The experimental results of our classification network show that the Ktrans modality in the single-modal classification network performs the best with an accuracy of 85%. Subsequently, by integrating and fusing different classifiers, the accuracy of the input tensor multi-modal classification model was improved to 86%. Finally, the best results are achieved in the integrated multi-modal classification model, with a small improvement of 2.5% and an accuracy of 88.5%. Therefore, we can conclude that the integration and fusion of models can lead to better performance, and the input tensor multi-modal classification network improves the performance by 1–2% compared to the single-modal classification network. On this basis, the performance of the integrated multi-modal classification network is improved by 2.5% compared to the input tensor multi-modal classification network. The successful integration of multiple models not only makes the new structure more robust and achieves the goal of low coupling but also proves that images can be combined in a decoupled manner because each single-modal classification model can be trained in a decoupled manner, and only the final network weights need to be adjusted. Huang et al. showed that the quality of the latent representation space directly determines the effectiveness of the multi-modal learning model, and the richer the variety of modalities, the more accurate the estimation of the representation space and the better the learning effect with sufficient training data (Huang et al., 2021). As can be seen from Table 6, the combination of Ktrans + ADC + T2-weighted with the highest number of modalities still achieves the best performance in all evaluation metrics, and the modal combination of Ktrans + ADC performs well in TPR, F1-Score, AUC, and accuracy, but not as well as Ktrans + T2-weighted and ADC + T2-weighted in TNR. This suggests that although T2-weighted images do not perform as well as Ktrans and ADC on single-modal classification networks, they have an active role in multi-modal fusion learning. Taking the assisted diagnosis of prostate cancer MRI as an example, multi-modal learning can aggregate information from multiple sources of data, make the representation learned by the model more complete, transfer the knowledge learned on the information-rich modality to the information-poor modality, and make the learning of each modality assist each other to achieve better classification results.
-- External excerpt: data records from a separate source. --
Lemma petersen_cover_of_bounded_stars01 :
  star_bounded (ord5 0) -> star_bounded (ord5 1) -> 2 * W 0 1 <= M ->
  exists L, size L <= (5 * M + 3) %/ 4 /\ petersen_cover L.
Proof.
move=> bnd0 bnd1 h01.
have [[s23 s24 s34] [t2 t3 t4]] := bounded_stars01_sums bnd0 bnd1 h01.
have [s [x2 [x3 [x4 [y [[cov01 cov2 cov3 cov4] [cov34 cov24 cov23 size_le]]]]]]] :=
  star_triangle_multiplicities (h := W 0 1) s23 s24 s34 t2 t3 t4 ltac:(lia).
exists (nseq s (star (ord5 0)) ++ nseq s (star (ord5 1)) ++ nseq x2 (star (ord5 2)) ++
  nseq x3 (star (ord5 3)) ++ nseq x4 (star (ord5 4)) ++
  nseq y (triangle [set ord5 2; ord5 3; ord5 4])).
split; first by rewrite !size_cat !size_nseq !addnA.
split.
  move=> P; rewrite !mem_cat !mem_nseq; do ![case/orP]; case/andP => _ /eqP ->;
    solve [exact: star_stable | exact: triangle_stable].
move=> v /cards2P [i [j [ij ->]]].
wlog lt_ij : i j ij / i < j.
  move=> cov; case: (ltngtP i j) => [|lt_ji|/val_inj eq_ij]; first exact: cov.
    by rewrite setUC; apply: cov; rewrite // eq_sym.
  by rewrite eq_ij eqxx in ij.
rewrite !count_cat !count_nseq !inE subUset !sub1set !inE cards2 ij.
(* The type {set 'I_5} of v hides a [reverse_coercion] that would make lia
   see [w [set i; j]] and [W i j] as different atoms. *)
by elim/ord5_ind: i ij lt_ij; elim/ord5_ind: j => //= _ _; rewrite /reverse_coercion; lia.
Qed.

End PetersenWeights.

Lemma perm_pair (T : finType) (x0 x1 y0 y1 : T) : x0 != x1 -> y0 != y1 ->
  exists s : {perm T}, s x0 = y0 /\ s x1 = y1.
Proof.
move=> x01 y01.
have ty1 : tperm x0 y0 y1 != x0.
  by apply: contra y01 => /eqP ty1; rewrite -[y1](tpermK x0 y0) ty1 tpermL.
exists (tperm x1 (tperm x0 y0 y1) * tperm x0 y0)%g; split; rewrite permM.
  by rewrite (tpermD (z := x0)) ?tpermL // eq_sym.
by rewrite tpermL tpermK.
Qed.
Both the prostate cancer localization network and the single-modal and multi-modal classification networks have achieved good results, but these models cannot be considered accurate enough to be used as a single diagnostic criterion. It is better suited as a support system or second opinion for radiologists, capable of detecting overlooked positive cases or speeding up the detection of possible positive cases.
Other publicly available prostate MRI datasets can be used in the future to optimize model training with the study of prostate cancer tissue contour segmentation, such as the PROMISE12 competition dataset, the main theme of which is prostate segmentation using T2WI sequences of the prostate. The data provided include 50 training samples and the corresponding prostate masks and 30 test samples. Also, in the future, when facing the multicenter prostate cancer MRI data fusion problem, it is necessary to consider the problem of certain disparity in imaging results due to scanner, parameters, and environment (Nan et al., 2022). In addition, it is possible to use a deep learning-based approach to construct scanner image invariant encoding based on the existing methods (Moyer et al., 2020). As for the interpretability of the model, in the next step, we add visual interpretation methods such as gradient interpretation method, GradCAM interpretation method, and RISE interpretation method to further solve the problem of opaque model details and achieve a “trustworthy” and “interpretable” diagnosis process.
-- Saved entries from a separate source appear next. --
(* Jensen's inequality, via [0 <= sum_i |F i - m|^2] for the average [m]. *)
Lemma sqnorm_avg_le (n : nat) (F : 'I_n -> 'rV[R]_d) : (0 < n)%N ->
  sqnorm (n%:R^-1 *: \sum_i F i) <= n%:R^-1 * \sum_i sqnorm (F i).
Proof.
move=> n0; set m := n%:R^-1 *: \sum_i F i.
have np : (0 : R) < n%:R by rewrite ltr0n.
have sumF : \sum_i F i = n%:R *: m by rewrite /m scalerA divff ?gt_eqF // scale1r.
have : 0 <= \sum_i sqnorm (F i - m) by apply: sumr_ge0 => i _; exact: sqnorm_ge0.
under eq_bigr do rewrite sqnormB.
rewrite !big_split /= sumrN -mulr_sumr -dotv_suml sumF dotvZl sumr_const card_ord.
rewrite -/(sqnorm m) -mulr_natl => h.
have -> : sqnorm m = n%:R^-1 * (n%:R * sqnorm m) by rewrite mulKf ?gt_eqF.
by apply: ler_wpM2l; [rewrite invr_ge0 ltW | lra].
Qed.

Lemma sqnorm_shift_le u m (l e : R) : 0 <= l <= 1 -> enorm (m - u) <= e * enorm u ->
  sqnorm ((- l) *: m + u) <= (1 - l + l * e) ^+ 2 * sqnorm u.
Proof.
move=> /andP[l0 l1] mu; apply: sqnorm_le.
have -> : (- l) *: m + u = (1 - l) *: u + l *: (u - m) by apply/rowP => j; rewrite !mxE; ring.
apply: le_trans (enormD _ _) _.
rewrite !enormZ -[enorm (u - m)]enormN opprB (ger0_norm l0) ger0_norm ?subr_ge0 //.
by have := ler_wpM2l l0 mu; lra.
Qed.

Lemma lipschitz_neg_trivial (F : 'rV[R]_d -> 'rV[R]_d) (L : R) :
  (forall x y, enorm (F x - F y) <= L * enorm (x - y)) -> L < 0 -> forall v, v = 0.
Proof.
move=> FL L0 v; have := le_trans (enorm_ge0 _) (FL v 0).
rewrite subr0 nmulr_rge0 // => v0.
have : enorm v == 0 by rewrite eq_le v0 enorm_ge0.
rewrite sqrtr_eq0 => {}v0.
by apply/eqP; rewrite -sqnorm_eq0 eq_le v0 sqnorm_ge0.
Qed.

End Euclidean.

Section Smoothness.
Context (R : realType) (d : nat).
Implicit Types (f : 'rV[R]_d -> R) (g : 'rV[R]_d -> 'rV[R]_d).

Lemma is_derive_line f g x v (t : R) : has_gradient f g ->
  is_derive t (1 : R) (fun s : R => f (x + s *: v)) (dotv (g (x + t *: v)) v).
Proof.
move=> fg; have [fx dfx] := fg (x + t *: v) v.
have quotE : (fun h : R => h^-1 *: (((fun s : R => f (x + s *: v)) \o shift t) (h *: 1)
                                       - f (x + t *: v)))
    = (fun h : R => h^-1 *: ((f \o shift (x + t *: v)) (h *: v) - f (x + t *: v))).
  apply: funext => h /=; congr (_ *: (f _ - _)).
  by rewrite [h%:A]mulr1 scalerDl addrCA addrA.
by apply: DeriveDef; rewrite ?/derivable ?/derive quotE.
Qed.

Lemma descent_lemma f g (L : R) x y : has_gradient f g ->
  (forall x y, enorm (g x - g y) <= L * enorm (x - y)) ->
  f y <= f x + dotv (g x) (y - x) + L / 2 * sqnorm (y - x).
Proof.
move=> fg gL; set v := y - x; set c := dotv (g x) v; set k := L / 2 * sqnorm v.
pose psi s := f (x + s *: v) - c * s - k * s ^+ 2.
have dpsi s : is_derive s (1 : R) psi (dotv (g (x + s *: v) - g x) v - k * (2 * s)).
  have := is_deriveB (is_deriveB (is_derive_line x v s fg) (is_deriveZ c (is_derive_id s 1)))
    (is_deriveZ k (is_deriveX 2 (is_derive_id s 1))).
  have -> : psi = ((fun s : R => f (x + s *: v)) - c \*: id) - k \*: (@id R) ^+ 2.
    by apply: funext => r; rewrite /psi /= /GRing.scale.
  move=> /is_derive_eq; apply.
  by rewrite dotvBl /GRing.scale /= !mulr1 expr1.
have : psi 1 <= psi 0.
  apply: (@ler0_derive1_le_cc R psi 0 1); last 3 first.
  - by rewrite in_itv /= ler01 lexx.
  - by rewrite in_itv /= ler01 lexx.
  - exact: ler01.
  - by move=> s _; case: (dpsi s).
  - move=> s; rewrite in_itv /= => /andP[s0 _].
    rewrite derive1E (@derive_val _ _ _ _ _ _ _ (dpsi s)).
    have gs := gL (x + s *: v) x.
    rewrite addrAC subrr add0r enormZ (ger0_norm (ltW s0)) mulrA in gs.
    have lip : enorm (g (x + s *: v) - g x) * enorm v <= L * s * sqnorm v.
      by rewrite -enorm_sqr expr2 mulrA ler_wpM2r ?enorm_ge0.
    by have := dotv_le_enorm (g (x + s *: v) - g x) v; rewrite /k; lra.
  - by apply: derivable_within_continuous => s _; case: (dpsi s).
have xvy : x + v = y by rewrite addrC subrK.
by rewrite /psi scale1r scale0r addr0 xvy expr1n expr0n /=; lra.
Qed.

Lemma has_gradient_avg (n : nat) (fs : 'I_n -> 'rV[R]_d -> R)
    (gs : 'I_n -> 'rV[R]_d -> 'rV[R]_d) :
  (forall i, has_gradient (fs i) (gs i)) ->
  has_gradient (fun x => n%:R^-1 * \sum_(i < n) fs i x)
               (fun x => n%:R^-1 *: \sum_(i < n) gs i x).
Proof.
move=> fg x v.
have := is_deriveZ n%:R^-1 (is_derive_sum (fun i => fg i x v)).
have -> : n%:R^-1 \*: \sum_(i < n) fs i = (fun x => n%:R^-1 * \sum_(i < n) fs i x).
  by apply: funext => y /=; rewrite fct_sumE.
by move=> /is_derive_eq; apply; rewrite dotvZl dotv_suml.
Qed.

End Smoothness.

Lemma le_integral_pointwise (dT : measure_display) (T : measurableType dT) (R : realType)
    (mu : {measure set T -> \bar R}) (F G : T -> \bar R) :
  (forall x, F x <= G x)%E -> (\int[mu]_x F x <= \int[mu]_x G x)%E.
Proof.
move=> FG; have FG' : {in setT, forall x, ((F \_ setT) x <= (G \_ setT) x)%E}.
  by move=> x _; rewrite /patch /= in_setT.
apply: leeB; apply: ge_ereal_sup => _ [h /= hF <-]; apply: ereal_sup_ubound;
  exists h => //= x.
- exact: le_trans (hF x) (funepos_le FG' (in_setT x)).
- exact: le_trans (hF x) (funeneg_le FG' (in_setT x)).
Qed.

Section Expectation.
Context (dT : measure_display) (T : measurableType dT) (R : realType)
  (P : probability T R).
Implicit Types (f g : T -> R) (c : R).

Definition rintegrable f := P.-integrable setT (EFin \o f).
Definition Ex f := \int[P]_(x in setT) f x.

Lemma eq_rintegrable f g : f =1 g -> rintegrable f -> rintegrable g.
Proof. by move=> fg; apply: eq_integrable => // x _; rewrite /= fg. Qed.

Lemma eq_Ex f g : f =1 g -> Ex f = Ex g.
Proof. by move=> /funext ->. Qed.

Lemma rintegrable_cst c : rintegrable (fun=> c).
Proof. exact: finite_measure_integrable_cst. Qed.

Lemma rintegrableD f g : rintegrable f -> rintegrable g ->
  rintegrable (fun x => f x + g x).
Proof.
by move=> fi gi; apply: eq_rintegrable (integrableD _ fi gi) => // x; rewrite /= EFinD.
Qed.

Lemma rintegrableZ c f : rintegrable f -> rintegrable (fun x => c * f x).
Proof.
by move=> fi; apply: eq_rintegrable (integrableZl _ c fi) => // x; rewrite /= EFinM.
Qed.

Lemma rintegrableB f g : rintegrable f -> rintegrable g ->
  rintegrable (fun x => f x - g x).
Proof.
move=> fi gi; apply: rintegrableD => //.
by apply: eq_rintegrable (rintegrableZ (-1) gi) => x; rewrite mulN1r.
Qed.

Lemma rintegrable_sum (I : Type) (s : seq I) (F : I -> T -> R) :
  (forall i, rintegrable (F i)) -> rintegrable (fun x => \sum_(i <- s) F i x).
Proof.
move=> Fi; elim: s => [|i s ih].
  by apply: eq_rintegrable (rintegrable_cst 0) => x; rewrite big_nil.
by apply: eq_rintegrable (rintegrableD (Fi i) ih) => x; rewrite big_cons.
Qed.

Lemma Ex_cst c : Ex (fun=> c) = c.
Proof. by rewrite /Ex Rintegral_cst //= probability_setT /= mulr1. Qed.

Lemma ExD f g : rintegrable f -> rintegrable g -> Ex (fun x => f x + g x) = Ex f + Ex g.
Proof. exact: RintegralD. Qed.

Lemma ExZ c f : rintegrable f -> Ex (fun x => c * f x) = c * Ex f.
Proof. exact: RintegralZl. Qed.

Lemma ExB f g : rintegrable f -> rintegrable g -> Ex (fun x => f x - g x) = Ex f - Ex g.
Proof. exact: RintegralB. Qed.

Lemma Ex_sum (I : Type) (s : seq I) (F : I -> T -> R) :
  (forall i, rintegrable (F i)) -> Ex (fun x => \sum_(i <- s) F i x) = \sum_(i <- s) Ex (F i).
Proof.
move=> Fi; elim: s => [|i s ih].
  by rewrite big_nil (@eq_Ex _ (fun=> 0)) ?Ex_cst // => x; rewrite big_nil.
rewrite big_cons -ih -ExD; last exact: rintegrable_sum.
  by apply: eq_Ex => x; rewrite big_cons.
exact: Fi.
Qed.

Lemma integral_EFin_Ex f : rintegrable f -> (\int[P]_x (f x)%:E = (Ex f)%:E)%E.
Proof. by move=> fi; rewrite /Ex /Rintegral fineK //; exact: integrable_fin_num. Qed.

Lemma rintegrable_ge0_bounded f (B : R) : measurable_fun setT f ->
  (forall x, 0 <= f x) -> (\int[P]_x (f x)%:E <= B%:E)%E ->
  rintegrable f /\ Ex f <= B.
Proof.
move=> mf f0 fB.
have fi : rintegrable f.
  apply/integrableP; split; first exact/measurable_EFinP.
  under eq_integral do rewrite /= ger0_norm ?f0 //.
  exact: le_lt_trans fB (ltry B).
by split => //; rewrite -lee_fin -integral_EFin_Ex.
Qed.

Variable d : nat.
Implicit Types (D : T -> 'rV[R]_d).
Our study has some limitations. First, medical ethics requires that the effectiveness and safety of any new technology in the clinical application must be fully tested. Medical artificial intelligence alone has certain risks in judging diseases based on imaging data. The results of this study can only be used as a reference for radiologists’ diagnoses. Second, our research is purely based on mp-MRI and does not add other types of medical indicators as parameters to the design and training of the model, such as the patient’s age, weight, and PSA, to improve the generalization ability of the model. Third, in the diagnosis of prostate cancer, the DNN technology based on magnetic resonance examination is based on its database or public database and lacks external verification of a large sample size, which is also our future research direction. We look forward to developing new single-modal classification models in future work that achieve higher accuracy in the T2-weighted modality, thereby indirectly improving the performance of an integrated multi-modal classification network. Furthermore, we will cooperate with the Radiology Department of Xiangya Hospital to create our database and test our system in a real medical environment and consider inter-observer variability.
5 Conclusion
CAD of prostate cancer remains a challenging topic. In this article, we propose a localization and classification network for prostate cancer based on DNN and mp-MRI to assist radiologists in the diagnosis of such diseases. We constructed four different localization and classification networks, namely, prostate cancer localization network, single-modal classification network, input tensor multi-modal classification network, and integrated multi-modal classification network, and analyzed them in detail through experiments. The results show that the DNN-based prostate cancer localization network and integrated multi-modal classification network obtain high performance in experiments and can be used to assist radiologists in more easily localizing and classification of prostate cancer.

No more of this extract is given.